→ **REQUIRED WORK**
Gather every line of the entries that includes the word "normrM".

→ **MATERIAL SHOWN**
Lemma sketch_rounded (m : nat) (h : 'I_m -> 'I_n * 'I_L -> R) :
  sketch h a = sketch h (rounded a).
Proof.
rewrite /sketch normalize_rounded vnorm_rounded.
by rewrite (Round_id L_gt0 (vnorm_Round L_gt0 z_unit) (sqr_Round_frac L_gt0 z_unit)).
Qed.

Lemma rounded_dist i : `|a 0 i - rounded a 0 i| <= Num.sqrt (n%:R / L%:R) * vnorm a.
Proof.
rewrite /rounded -{1}(normalizeK a_neq0) [X in X - _]mxE [X in _ - X]mxE -mulrBr.
by rewrite normrM gtr0_norm // mulrC ler_pM2r // Round_dist.
Qed.

Let rounded_abs_le (c : R) i :
  `|Round z L 0 i| <= c * `|z 0 i| -> `|rounded a 0 i| <= c * `|a 0 i|.
Proof.
have aE : a 0 i = vnorm a * z 0 i by rewrite mxE mulrA divff ?mul1r ?gt_eqF.
have roundedE : rounded a 0 i = vnorm a * Round z L 0 i by rewrite /rounded mxE.
by rewrite aE roundedE !normrM (gtr0_norm a_pos) mulrCA ler_pM2l.
Qed.

Lemma rounded_le i : `|rounded a 0 i| <= n%:R * `|a 0 i|.
Proof. exact/rounded_abs_le/Round_le. Qed.

Lemma rounded_le2 i : (n ^ 3 <= L)%N -> `|rounded a 0 i| <= 2 * `|a 0 i|.
Proof. by move=> n3_le_L; apply/rounded_abs_le/Round_le2. Qed.

End Rounded.

Lemma rounding_error_le (R : realType) (n L : nat) (eps : R) :
  0 < eps -> 9 * n%:R ^+ 6 / eps ^+ 2 <= L%:R ->
  n%:R * ((1 + n%:R) * Num.sqrt (n%:R / L%:R)) <= eps.
Proof.
move=> eps_gt0 L_large; have [->|n_gt0] := posnP n; first by rewrite mul0r ltW.
have n_ge1 : 1 <= n%:R :> R by rewrite ler1n.
have L_pos : 0 < L%:R :> R.
  by apply: lt_le_trans L_large; rewrite divr_gt0 ?exprn_gt0 ?mulr_gt0 ?ltr0n.
rewrite -ler_sqr ?nnegrE ?mulr_ge0 ?sqrtr_ge0 ?addr_ge0 ?ler0n ?(ltW eps_gt0) //.
rewrite !exprMn sqr_sqrtr ?divr_ge0 ?ler0n // mulrA mulrA ler_pdivrMr //.
rewrite ler_pdivrMr ?exprn_gt0 // in L_large.
set x : R := n%:R in n_ge1 L_large *.
have factor_le : (1 + x) ^+ 2 <= 9 * x ^+ 3.
  have : x ^+ 2 <= x ^+ 3 by rewrite [x ^+ 3]exprS ler_peMl ?sqr_ge0.
  nra.
have -> : x ^+ 2 * (1 + x) ^+ 2 * x = x ^+ 3 * (1 + x) ^+ 2 by ring.
apply: (@le_trans _ _ (x ^+ 3 * (9 * x ^+ 3))).
  by rewrite ler_wpM2l // exprn_ge0 // (le_trans ler01).
by rewrite mulrCA -exprD [eps ^+ 2 * _]mulrC.
Qed.

Theorem lemma3 (R : realType) (n : nat) (a b : 'rV[R]_n) (L : nat) :
  a != 0 -> b != 0 -> (0 < L)%N ->
  let a' := vnorm a *: Round ((vnorm a)^-1 *: a) L in
  let b' := vnorm b *: Round ((vnorm b)^-1 *: b) L in
  let I := [set i : 'I_n | (a 0 i != 0) && (b 0 i != 0)] in
  (* (1) *)
  (forall i : 'I_n,
     (exists k : int, a' 0 i ^+ 2 / vnorm a' ^+ 2 = k%:~R / L%:R) /\
     (exists k : int, b' 0 i ^+ 2 / vnorm b' ^+ 2 = k%:~R / L%:R)) /\
  (* (2) : for every sample number m and every seed, i.e. every choice of
     hash functions h^1..h^m with values in [0,1] *)
  (forall (m : nat) (h : 'I_m -> 'I_n * 'I_L -> R),
     (forall i j, 0 <= h i j <= 1) ->
     sketch h a = sketch h a' /\ sketch h b = sketch h b') /\
  (* (3) *)
  (forall eps : R, 0 < eps < 1 -> 9 * n%:R ^+ 6 / eps ^+ 2 <= L%:R ->
     `|dotv a b - dotv a' b'| <=
       eps * Num.max (rnorm I a * vnorm b) (vnorm a * rnorm I b)) /\
  (* (4) *)
  ((n ^ 3 <= L)%N ->
     Num.max (rnorm I a' * vnorm b') (vnorm a' * rnorm I b') <=
       2 * Num.max (rnorm I a * vnorm b) (vnorm a * rnorm I b)).
Proof.
move=> a_neq0 b_neq0 L_gt0 a' b' I.
rewrite -/(rounded L a) -/(rounded L b) in a' b' *.
have supp i : i \notin I -> a 0 i = 0 \/ b 0 i = 0.
  by rewrite inE negb_and !negbK => /orP[] /eqP; [left | right].
split; first by move=> i; split; apply: rounded_sqr_frac.
split; first by move=> m h _; split; apply: sketch_rounded.
split=> [eps /andP[eps_gt0 _] L_large | n3_le_L].
  have M_ge0 : 0 <= Num.max (rnorm I a * vnorm b) (vnorm a * rnorm I b).
    by rewrite le_max mulr_ge0 ?sqrtr_ge0.
  apply: le_trans (dotv_perturb _ _ supp (rounded_le L_gt0 a_neq0) (rounded_le L_gt0 b_neq0)
    (rounded_dist L_gt0 a_neq0) (rounded_dist L_gt0 b_neq0)) _; rewrite ?ler0n ?sqrtr_ge0 //.
  exact: (ler_wpM2r M_ge0 (rounding_error_le eps_gt0 L_large)).
rewrite !vnorm_rounded // maxr_pMr //; apply: le_max2.
  rewrite mulrA ler_wpM2r ?sqrtr_ge0 // rnorm_le // => i.
  exact: rounded_le2.
rewrite mulrCA ler_wpM2l ?sqrtr_ge0 // rnorm_le // => i.
exact: rounded_le2.
Qed.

→ **YOUR RESPONSE**
by rewrite normrM gtr0_norm // mulrC ler_pM2r // Round_dist.
by rewrite aE roundedE !normrM (gtr0_norm a_pos) mulrCA ler_pM2l.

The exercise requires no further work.